Ivy Bridge or BD (When Released)

greliu

Distinguished
Apr 7, 2009
117
0
18,690
Hello everyone! I have been planning on a new build for some time and all of this news about Intel and AMD is confusing me. I'm really looking to future proof myself so, therefore, I'm looking for the magic 3's (USB 3.0, SATA III, and PCI 3.0). At this point, it only seems like Intel's Ivy Bridge and it's chipsets are going to support all of this. So, my question is, has there been any information leaked about AMD supporting these things as well, or is Intel the only one doing so? Cause, if that's the cause, I don't see the point in a new AMD build if there not going to support PCI 3.0 or even have motherboards with the appropriate chipsets to support PCI 3.0 (I'm a gamer so I'm paying attention to this expansion). Thanks for any information anyone.
 
Solution
IIRC there was a story on the main page that AMD's Fusion chipsets would support USB 3.0, and presumably the BD chipsets would also support USB 3.0 (remember that the Fusion processors are not the same as BD). Keep in mind that many currently available motherboards from both AMD and Intel already support USB3 and SATAIII, only PCIe3 is currently missing from any current offerings. Reports are that the LGA2011 platform (Sandy Bridge-E, not Ivy Bridge), will be the first Intel platform to offer PCIe3 arounf Q4 of this year, however, I really don't think it is worth waiting just to get PCIe 3, because even a x8 link running at PCIe 2 speeds is enough for all but the most high end video cards.

jprahman

Distinguished
May 17, 2010
775
0
19,060
IIRC there was a story on the main page that AMD's Fusion chipsets would support USB 3.0, and presumably the BD chipsets would also support USB 3.0 (remember that the Fusion processors are not the same as BD).

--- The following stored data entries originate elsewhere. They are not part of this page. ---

(* Let $(X,S_b)$ be an $S_b$-metric space with $b\geq 1$, let $x_1,x_2\in X$, and let $f:X\to X$ be a self-mapping for which there exist $\alpha\in(0,1)$ and a non-decreasing function $\varphi:(0,\infty)\to(1,\infty)$ such that for all $x\in X\setminus\{x_1,x_2\}$, $$S_b(x,x,fx)>0 \implies \varphi\big(S_b(x,x,fx)\big)\leq \big[\varphi\big(|S_b(x,x,x_1)-S_b(x,x,x_2)|\big)\big]^{\alpha}$$ (i.e. $f$ is a Jleli-Samet type $H_{x_1,x_2}$-$S_b$-contraction). Let $$r=\inf\{S_b(x,x,fx): x\neq fx,\ x\in X\}.$$ If $fx_1=x_1$, $fx_2=x_2$ and $r>0$, then $f$ fixes the hyperbola $H^{S_b}_r(x_1,x_2)=\{x\in X: |S_b(x,x,x_1)-S_b(x,x,x_2)|=r\}$, i.e. $fx=x$ for every $x\in H^{S_b}_r(x_1,x_2)$.
   Context: An $S_b$-metric space $(X,S_b)$ with constant $b\geq 1$ is a nonempty set $X$ with a function $S_b:X\times X\times X\to[0,\infty)$ such that for all $x,y,z,a\in X$: (1) $S_b(x,y,z)=0$ if and only if $x=y=z$; (2) $S_b(x,y,z)\leq b[S_b(x,x,a)+S_b(y,y,a)+S_b(z,z,a)]$. A mapping $f$ fixes a set $\mathcal{F}\subseteq X$ if $\mathcal{F}$ is contained in the fixed point set $\{x\in X: fx=x\}$. *)

From Stdlib Require Import Reals.
Open Scope R_scope.

Definition Sb_metric (X : Type) (S : X -> X -> X -> R) (b : R) : Prop :=
  1 <= b /\
  (forall x y z, 0 <= S x y z) /\
  (forall x y z, S x y z = 0 <-> (x = y /\ y = z)) /\
  (forall x y z a, S x y z <= b * (S x x a + S y y a + S z z a)).

Definition is_inf (E : R -> Prop) (r : R) : Prop :=
  (forall y, E y -> r <= y) /\
  (forall m, (forall y, E y -> m <= y) -> m <= r).

(* Jleli-Samet type H_{x1,x2}-S_b-contraction with parameters alpha, phi.
   phi : (0,oo) -> (1,oo) non-decreasing, modelled as a total function
   whose relevant properties are only required on (0,oo). *)
Definition JS_H_Sb_contraction (X : Type) (S : X -> X -> X -> R)
  (f : X -> X) (x1 x2 : X) (alpha : R) (phi : R -> R) : Prop :=
  0 < alpha < 1 /\
  (forall t, 0 < t -> 1 < phi t) /\
  (forall s t, 0 < s -> s <= t -> phi s <= phi t) /\
  (forall x, x <> x1 -> x <> x2 ->
     0 < S x x (f x) ->
     0 < Rabs (S x x x1 - S x x x2) ->
     phi (S x x (f x)) <= Rpower (phi (Rabs (S x x x1 - S x x x2))) alpha).

Definition hyperbola (X : Type) (S : X -> X -> X -> R) (r : R) (x1 x2 : X)
  (x : X) : Prop := Rabs (S x x x1 - S x x x2) = r.

(* At a non-fixed point x on the hyperbola of level r, the contraction gives
   phi (S x x (f x)) <= phi r ^ alpha < phi r, so the displacement S x x (f x)
   would be smaller than r by monotonicity of phi; but r is the infimum of
   all displacements. *)
From Stdlib Require Import Reals Lra Classical.
Open Scope R_scope.

Lemma Rpower_lt_base (a alpha : R) : 1 < a -> alpha < 1 -> Rpower a alpha < a.
Proof.
  intros Ha Halpha.
  pattern a at 2; rewrite <- (Rpower_1 a) by lra.
  now apply Rpower_lt.
Qed.

Lemma Sb_metric_neq_pos (X : Type) (S : X -> X -> X -> R) (b : R) (x y : X) :
  Sb_metric X S b -> x <> y -> 0 < S x x y.
Proof.
  intros [_ [Snn [S0 _]]] Hxy.
  destruct (Snn x x y) as [Hpos | Hzero]; [exact Hpos |].
  symmetry in Hzero; apply S0 in Hzero.
  now destruct Hzero.
Qed.

Lemma JS_contraction_displacement_lt (X : Type) (S : X -> X -> X -> R)
  (f : X -> X) (x1 x2 : X) (alpha : R) (phi : R -> R) (x : X) :
  JS_H_Sb_contraction X S f x1 x2 alpha phi ->
  x <> x1 -> x <> x2 -> 0 < S x x (f x) ->
  0 < Rabs (S x x x1 - S x x x2) ->
  S x x (f x) < Rabs (S x x x1 - S x x x2).
Proof.
  intros [Halpha [Hphi_gt1 [Hphi_mono Hcontr]]] Hx1 Hx2 Hdisp Hlevel.
  set (t := Rabs (S x x x1 - S x x x2)) in *.
  destruct (Rlt_or_le (S x x (f x)) t) as [Hlt | Hge]; [exact Hlt | exfalso].
  assert (Hphi_le : phi t <= phi (S x x (f x))) by now apply Hphi_mono.
  assert (Hshrink : Rpower (phi t) alpha < phi t)
    by (apply Rpower_lt_base; [apply Hphi_gt1 |]; lra).
  pose proof (Hcontr x Hx1 Hx2 Hdisp Hlevel) as Hphi_contr; fold t in Hphi_contr.
  lra.
Qed.

Theorem theorem2p11 (X : Type) (S : X -> X -> X -> R) (b : R)
  (x1 x2 : X) (f : X -> X) (alpha : R) (phi : R -> R) (r : R) :
  Sb_metric X S b ->
  JS_H_Sb_contraction X S f x1 x2 alpha phi ->
  is_inf (fun y => exists x, x <> f x /\ y = S x x (f x)) r ->
  f x1 = x1 -> f x2 = x2 -> 0 < r ->
  forall x, hyperbola X S r x1 x2 x -> f x = x.
Proof.
  intros HS Hcontr [Hinf_lb _] Hfix1 Hfix2 Hr x Hx.
  destruct (classic (f x = x)) as [Hfix | Hmoved]; [exact Hfix | exfalso].
  assert (Hx1 : x <> x1) by (intros ->; congruence).
  assert (Hx2 : x <> x2) by (intros ->; congruence).
  assert (Hdisp : 0 < S x x (f x))
    by (apply (Sb_metric_neq_pos X S b); congruence).
  assert (Hr_le : r <= S x x (f x))
    by (apply Hinf_lb; exists x; split; [congruence | reflexivity]).
  unfold hyperbola in Hx.
  pose proof (JS_contraction_displacement_lt X S f x1 x2 alpha phi x
                Hcontr Hx1 Hx2 Hdisp ltac:(lra)).
  lra.
Qed.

Keep in mind that many currently available motherboards from both AMD and Intel already support USB3 and SATAIII, only PCIe3 is currently missing from any current offerings. Reports are that the LGA2011 platform (Sandy Bridge-E, not Ivy Bridge), will be the first Intel platform to offer PCIe3 arounf Q4 of this year, however, I really don't think it is worth waiting just to get PCIe 3, because even a x8 link running at PCIe 2 speeds is enough for all but the most high end video cards.